Phase diagrams and multistep condensations of spin-1 bosonic gases in optical lattices

TL;DR

This paper systematically explores the phase diagrams and multistep condensation phenomena of spin-1 bosonic gases in optical lattices under magnetic fields using bosonic dynamical mean-field theory, revealing complex magnetic orders and temperature-dependent behaviors.

Contribution

It provides the first comprehensive phase diagrams for both antiferromagnetic and ferromagnetic interactions, highlighting novel multistep condensation effects in strongly correlated spin-1 bosons.

Findings

Identification of competing magnetic orders including nematic, spin-singlet, and ferromagnetic phases.

Observation of a ferromagnetic-to-nematic-insulating phase transition at small quadratic Zeeman energy.

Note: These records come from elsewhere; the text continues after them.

(* Let $N$ be a positive integer and $\alpha>1$ with $\alpha N\in\mathbb{N}$. Then $\mathrm{TFF}(\alpha,N)=\mathrm{TFF}(\tilde\alpha,\tilde N)$, where $1/\alpha+1/\tilde\alpha=1$ and $\tilde N=N(\alpha-1)$.
   Context: For a positive integer $N$, $\mathrm{TFF}(\alpha,N)$ is the set of weakly decreasing sequences of positive integers $(L_1,\ldots,L_K)$ such that there exist orthogonal projections $P_1,\ldots,P_K$ on $\mathbb{R}^N$ with $\operatorname{rank}P_i=L_i$ and $\sum_{i=1}^K P_i=\alpha\mathbf I$. *)

From HB Require Import structures.
From mathcomp Require Import all_boot all_order all_algebra.
From mathcomp Require Import reals.
Set Implicit Arguments. Unset Strict Implicit. Unset Printing Implicit Defensive.
Import Order.TTheory GRing.Theory Num.Theory.
Local Open Scope ring_scope.

Definition orth_proj (R : realType) (n : nat) (P : 'M[R]_n) : Prop :=
  P *m P = P /\ P^T = P.

Definition TFF (R : realType) (alpha : R) (N : nat) (L : seq nat) : Prop :=
  sorted geq L /\ all (fun l => 0 < l)%N L /\
  exists P : 'I_(size L) -> 'M[R]_N,
    (forall i, orth_proj (P i)) /\
    (forall i : 'I_(size L), \rank (P i) = nth 0%N L i) /\
    \sum_(i < size L) P i = alpha%:M.

From HB Require Import structures.
From mathcomp Require Import all_boot all_order all_algebra.
From mathcomp Require Import reals.
From mathcomp Require Import ring.
Import Order.TTheory GRing.Theory Num.Theory.
Local Open Scope ring_scope.

(* Factor each P_i = U_i U_i^T with U_i^T U_i = I and put W = [U_1 ... U_K].
   Then W W^T = alpha I, so the Naimark complement G = I - W^T W / alpha is an
   orthogonal projection, of trace sum_i L_i - N = N (alpha - 1).  Factoring
   G = Z^T Z with Z Z^T = I, the diagonal blocks of G are (1 - 1/alpha) I, so
   the column blocks of sqrt(alphat) Z are isometries whose outer products have
   ranks L_i and sum to alphat I.  The relation between (alpha, N) and
   (alphat, Nt) is symmetric, which gives the reverse inclusion. *)

Section BlockGram.
Variables (R : pzRingType) (p : nat) (q_ : 'I_p -> nat).

Lemma submxblockZ (a : R) (A : 'M[R]_(\sum_i q_ i)) i j :
  submxblock (a *: A) i j = a *: submxblock A i j.
Proof. by apply/matrixP => k l; rewrite !mxE. Qed.

Lemma submxblock1 i : submxblock (1%:M : 'M[R]_(\sum_i q_ i)) i i = 1%:M.
Proof. by rewrite -(@mxdiagZ _ _ q_ 1) submxblock_diag. Qed.

Lemma submxrow_gram m (Y : 'M[R]_(m, \sum_i q_ i)) i :
  (submxrow Y i)^T *m submxrow Y i = submxblock (Y^T *m Y) i i.
Proof. by rewrite -{3 4}(submxrowK Y) tr_mxrow mul_mxcol_mxrow mxblockK. Qed.

Lemma sum_submxrow_outer m (Y : 'M[R]_(m, \sum_i q_ i)) :
  \sum_i submxrow Y i *m (submxrow Y i)^T = Y *m Y^T.
Proof. by rewrite -mul_mxrow_mxcol -tr_mxrow submxrowK. Qed.

End BlockGram.

Lemma mxtrace_isometry {R : comPzRingType} {m k} {V : 'M[R]_(m, k)} :
  V^T *m V = 1%:M -> \tr (V *m V^T) = k%:R.
Proof. by move=> V1; rewrite mxtrace_mulC V1 mxtrace1. Qed.

Lemma mxrank_isometry {F : fieldType} {m k} {V : 'M[F]_(m, k)} :
  V^T *m V = 1%:M -> \rank (V *m V^T) = k.
Proof.
move=> V1; apply/eqP; rewrite eqn_leq (leq_trans (mxrankM_maxr _ _)) ?rank_leq_row //.
have VVtV : V^T *m (V *m V^T) *m V = 1%:M by rewrite !mulmxA V1 mul1mx V1.
by rewrite -{1}(mxrank1 F k) -VVtV (leq_trans (mxrankM_maxl _ _)) ?mxrankM_maxr.
Qed.

Section OrthogonalProjection.
Context {R : rcfType} {n : nat}.
Implicit Types (P : 'M[R]_n) (u v : 'cV[R]_n).

Lemma cV_normalize {v} : v != 0 -> exists c : R, (c *: v)^T *m (c *: v) = 1%:M.
Proof.
move=> v0; pose d := \sum_l v l 0 ^+ 2.
have vtv : v^T *m v = d%:M.
  by rewrite [LHS]mx11_scalar mxE; congr _%:M; apply: eq_bigr => l _; rewrite !mxE expr2.
have d_gt0 : 0 < d.
  rewrite lt_def sumr_ge0 ?andbT => [|l _]; last exact: sqr_ge0.
  apply: contra v0 => /eqP d0; apply/eqP/matrixP => l k; rewrite ord1 mxE.
  by apply/eqP; rewrite -sqrf_eq0; apply/eqP/(psumr_eq0P _ d0) => // j _; apply: sqr_ge0.
exists (Num.sqrt d)^-1.
rewrite [(_ *: v)^T]linearZ /= -scalemxAl -scalemxAr vtv scalerA.
by rewrite scale_scalar_mx -expr2 exprVn sqr_sqrtr ?ltW // mulVf ?gt_eqF.
Qed.

Lemma idempotent_fixed_unit {P} : P *m P = P -> P != 0 ->
  exists2 u : 'cV_n, u^T *m u = 1%:M & P *m u = u.
Proof.
move=> PP P0; have [j colj0] : exists j, col j P != 0.
  apply/existsP; apply: contraR P0 => /existsPn colP0; apply/eqP/matrixP => i j.
  by move/negPn/eqP/matrixP/(_ i 0): (colP0 j); rewrite !mxE.
have [c cv1] := cV_normalize colj0.
by exists (c *: col j P) => //; rewrite -scalemxAr colE mulmxA PP -colE.
Qed.

Lemma orth_proj_deflate {P u} :
    P *m P = P -> P^T = P -> u^T *m u = 1%:M -> P *m u = u ->
  [/\ (P - u *m u^T) *m (P - u *m u^T) = P - u *m u^T, (P - u *m u^T)^T = P - u *m u^T,
      (P - u *m u^T) *m u = 0 & (\rank (P - u *m u^T)%R < \rank P)%N].
Proof.
move=> PP Pt u1 Pu; set P' := P - u *m u^T.
have uP : u^T *m P = u^T by rewrite -{1}Pt -trmx_mul Pu.
have P'P : P' *m P = P' by rewrite mulmxBl PP -mulmxA uP.
have P'u : P' *m u = 0 by rewrite mulmxBl Pu -mulmxA u1 mulmx1 subrr.
split=> //; first by rewrite {2}/P' mulmxBr P'P mulmxA P'u mul0mx subr0.
  by rewrite linearB /= trmx_mul trmxK Pt.
rewrite rank_ltmx // ltmxE -{1}P'P submxMl /=; apply/negP => /submxP [D PD].
have u0 : u = 0 by rewrite -Pu PD -mulmxA P'u mulmx0.
by move/matrixP/(_ 0 0): u1; rewrite u0 mulmx0 !mxE => /eqP; rewrite eq_sym oner_eq0.
Qed.

Lemma orth_proj_factor {P} : P *m P = P -> P^T = P ->
  exists m (U : 'M[R]_(n, m)), U^T *m U = 1%:M /\ U *m U^T = P.
Proof.
have [k] := ubnP (\rank P); elim: k P => // k IH P rkP PP Pt.
have [->|P0] := eqVneq P 0.
  by exists 0%N, 0; rewrite [_^T *m _]flatmx0 [1%:M]flatmx0 mul0mx.
have [u u1 Pu] := idempotent_fixed_unit PP P0.
have [P'P' P't P'u rkP'] := orth_proj_deflate PP Pt u1 Pu.
have [m [U [U1 UP']]] := IH _ (leq_trans rkP' rkP) P'P' P't.
have Utu : U^T *m u = 0 by rewrite -[U^T]mul1mx -U1 -(mulmxA U^T) UP' -mulmxA P'u mulmx0.
have utU : u^T *m U = 0 by rewrite -[U]trmxK -trmx_mul Utu trmx0.
exists (1 + m)%N, (row_mx u U); split.
  by rewrite tr_row_mx mul_col_row u1 Utu utU U1 [RHS]scalar_mx_block.
by rewrite tr_row_mx mul_row_col UP' addrC subrK.
Qed.

End OrthogonalProjection.

Section NaimarkComplement.
Variables (F : fieldType) (n m : nat) (alpha : F) (W : 'M[F]_(n, m)).

Definition naimark_complement : 'M[F]_m := 1%:M - alpha^-1 *: (W^T *m W).

Lemma naimark_complement_sym : naimark_complement^T = naimark_complement.
Proof. by rewrite linearB /= trmx1 linearZ /= trmx_mul trmxK. Qed.

Hypotheses (alpha0 : alpha != 0) (tightW : W *m W^T = alpha%:M).

Lemma naimark_complement_idem :
  naimark_complement *m naimark_complement = naimark_complement.
Proof.
have WtW2 : W^T *m W *m (W^T *m W) = alpha *: (W^T *m W).
  by rewrite mulmxA -(mulmxA W^T) tightW mul_mx_scalar scalemxAl.
rewrite mulmxBl mul1mx mulmxBr mulmx1 -scalemxAl -scalemxAr WtW2 !scalerA.
by rewrite mulrAC mulVf // mul1r subrr subr0.
Qed.

Lemma mxtrace_naimark_complement : \tr naimark_complement = m%:R - n%:R.
Proof.
rewrite raddfB /= mxtrace1 mxtraceZ mxtrace_mulC tightW mxtrace_scalar.
by rewrite mulrnAr mulVf.
Qed.

End NaimarkComplement.

Arguments naimark_complement {F n m} alpha W.
Arguments naimark_complement_sym {F n m} alpha W.
Arguments naimark_complement_idem {F n m alpha W}.
Arguments mxtrace_naimark_complement {F n m alpha W}.

Definition tight_isometry_frame {R : pzRingType} (alpha : R) (N : nat) (q : seq nat) :=
  exists2 U : forall i : 'I_(size q), 'M[R]_(N, nth 0%N q i),
    forall i, (U i)^T *m U i = 1%:M & \sum_i U i *m (U i)^T = alpha%:M.

Lemma tight_isometry_frame_dim {R : comPzRingType} {alpha : R} {N q} :
  tight_isometry_frame alpha N q -> (\sum_(i < size q) nth 0%N q i)%:R = alpha * N%:R.
Proof.
case=> U U1 Usum; rewrite mulr_natr -(mxtrace_scalar N) -Usum natr_sum raddf_sum.
by apply: eq_bigr => i _; rewrite /= mxtrace_isometry.
Qed.

Lemma tight_isometry_frame_complement (R : rcfType) (alpha alphat : R) N Nt q :
    alpha != 0 -> 0 < alphat -> alpha^-1 + alphat^-1 = 1 ->
    Nt%:R = N%:R * (alpha - 1) ->
  tight_isometry_frame alpha N q -> tight_isometry_frame alphat Nt q.
Proof.
move=> alpha0 alphat_gt0 inv_sum dimNt frameU.
have dimq := tight_isometry_frame_dim frameU; case: frameU => U U1 Usum.
pose W := \mxrow_i U i.
have WWt : W *m W^T = alpha%:M by rewrite tr_mxrow mul_mxrow_mxcol.
have [r [Z [Z1 ZG]]] := orth_proj_factor (naimark_complement_idem alpha0 WWt)
  (naimark_complement_sym _ _).
have -> : Nt = r.
  apply/eqP; rewrite -(eqr_nat R) dimNt -(mxtrace_isometry Z1) ZG.
  by rewrite mxtrace_naimark_complement // dimq; apply/eqP; ring.
pose Y := Num.sqrt alphat *: Z^T.
have YYt : Y *m Y^T = alphat%:M.
  rewrite [Y^T]linearZ /= -scalemxAl -scalemxAr trmxK Z1 scalerA -expr2.
  by rewrite sqr_sqrtr ?ltW ?scalemx1.
have YtY : Y^T *m Y = alphat *: naimark_complement alpha W.
  rewrite [Y^T]linearZ /= -scalemxAl -scalemxAr trmxK ZG scalerA -expr2.
  by rewrite sqr_sqrtr ?ltW.
exists (submxrow Y) => [i|]; last by rewrite sum_submxrow_outer.
rewrite submxrow_gram YtY submxblockZ submxblockB submxblock1 submxblockZ.
have inv_alphat : 1 - alpha^-1 = alphat^-1 by rewrite -inv_sum addrC addKr.
rewrite -submxrow_gram mxrowK U1 -[X in X - _]scale1r -scalerBl inv_alphat.
by rewrite scalerA mulfV ?gt_eqF // scale1r.
Qed.

Lemma orth_proj_isometry (R : realType) m k (V : 'M[R]_(m, k)) :
  V^T *m V = 1%:M -> orth_proj (V *m V^T).
Proof.
by move=> V1; split; [rewrite mulmxA -(mulmxA V) V1 mulmx1 | rewrite trmx_mul trmxK].
Qed.

Lemma TFF_isometry_frameP (R : realType) (alpha : R) N L :
  TFF alpha N L <->
  [/\ sorted geq L, all (fun l => 0 < l)%N L & tight_isometry_frame alpha N L].
Proof.
split=> [[sortedL [posL [P [projP [rankP sumP]]]]] | [sortedL posL [U U1 sumU]]].
  have /fin_all_exists2 [U U1 UP] : forall i : 'I_(size L),
      exists2 U : 'M[R]_(N, nth 0%N L i), U^T *m U = 1%:M & U *m U^T = P i.
    move=> i; have [PP Pt] := projP i.
    have [m [U [U1 UP]]] := orth_proj_factor PP Pt.
    have m_eq : m = nth 0%N L i by rewrite -rankP -UP mxrank_isometry.
    by subst m; exists U.
  by split=> //; exists U => //; rewrite -sumP; apply: eq_bigr => i _; rewrite UP.
do 2!split=> //; exists (fun i => U i *m (U i)^T).
by split=> [i|]; [exact: orth_proj_isometry | split=> // i; exact: mxrank_isometry].
Qed.

Theorem corollary2p7 (R : realType) (N : nat) (alpha : R)
  (alphat : R) (Nt : nat) :
  (0 < N)%N -> 1 < alpha ->
  (exists m : nat, alpha * N%:R = m%:R) ->
  alpha^-1 + alphat^-1 = 1 ->
  Nt%:R = N%:R * (alpha - 1) ->
  forall L : seq nat, TFF alpha N L <-> TFF alphat Nt L.
Proof.
move=> _ alpha_gt1 _ inv_sum dimNt L.
have alpha_gt0 : 0 < alpha := lt_trans ltr01 alpha_gt1.
have alpha1_neq0 : alpha - 1 != 0 by rewrite subr_eq0 gt_eqF.
have alphatE : alphat = alpha / (alpha - 1).
  apply: invr_inj; rewrite invf_div -[alphat^-1](addKr alpha^-1) inv_sum.
  by rewrite mulrBl mulfV ?gt_eqF // div1r addrC.
have alphat_gt0 : 0 < alphat by rewrite alphatE divr_gt0 ?subr_gt0.
rewrite !TFF_isometry_frameP; split=> -[sortedL posL frame]; split=> //.
  by apply: tight_isometry_frame_complement frame => //; apply: lt0r_neq0.
apply: tight_isometry_frame_complement frame => //; first exact: lt0r_neq0.
  by rewrite addrC.
by rewrite dimNt alphatE; field.
Qed.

Discovery of abnormal multistep condensation where critical temperatures vary non-monotonically with magnetization.

Abstract

Motivated by recent experimental processes, we systemically investigate strongly correlated spin-1 ultracold bosons trapped in a three-dimensional optical lattice in the presence of an external magnetic field. Based on a recently developed bosonic dynamical mean-field theory (BDMFT), we map out complete phase diagrams of the system for both antiferromagnetic and ferromagnetic interactions, where various phases are found as a result of the interplay of spin-dependent interaction and quadratic Zeeman energy. For antiferromagnetic interactions, the system demonstrates competing magnetic orders, including nematic, spin-singlet and ferromagnetic insulating phase, depending on longitudinal magnetization, whereas, for ferromagnetic case, a ferromagnetic-to-nematic-insulating phase transition is observed for small quadratic Zeeman energy, and the insulating phase demonstrates the nematic order for large Zeeman energy. Interestingly, at low magnetic field and finite temperature, we find an abnormal multi-step condensation of the strongly correlated superfluid, i.e. the critical condensing temperature of the $m_F=-1$ component with antiferromagnetic interactions demonstrates an increase with longitudinal magnetization, while, for ferromagnetic case, the Zeeman component $m_F = 0$ demonstrates a local minimum for the critical condensing temperature, in contrast to weakly interacting cases.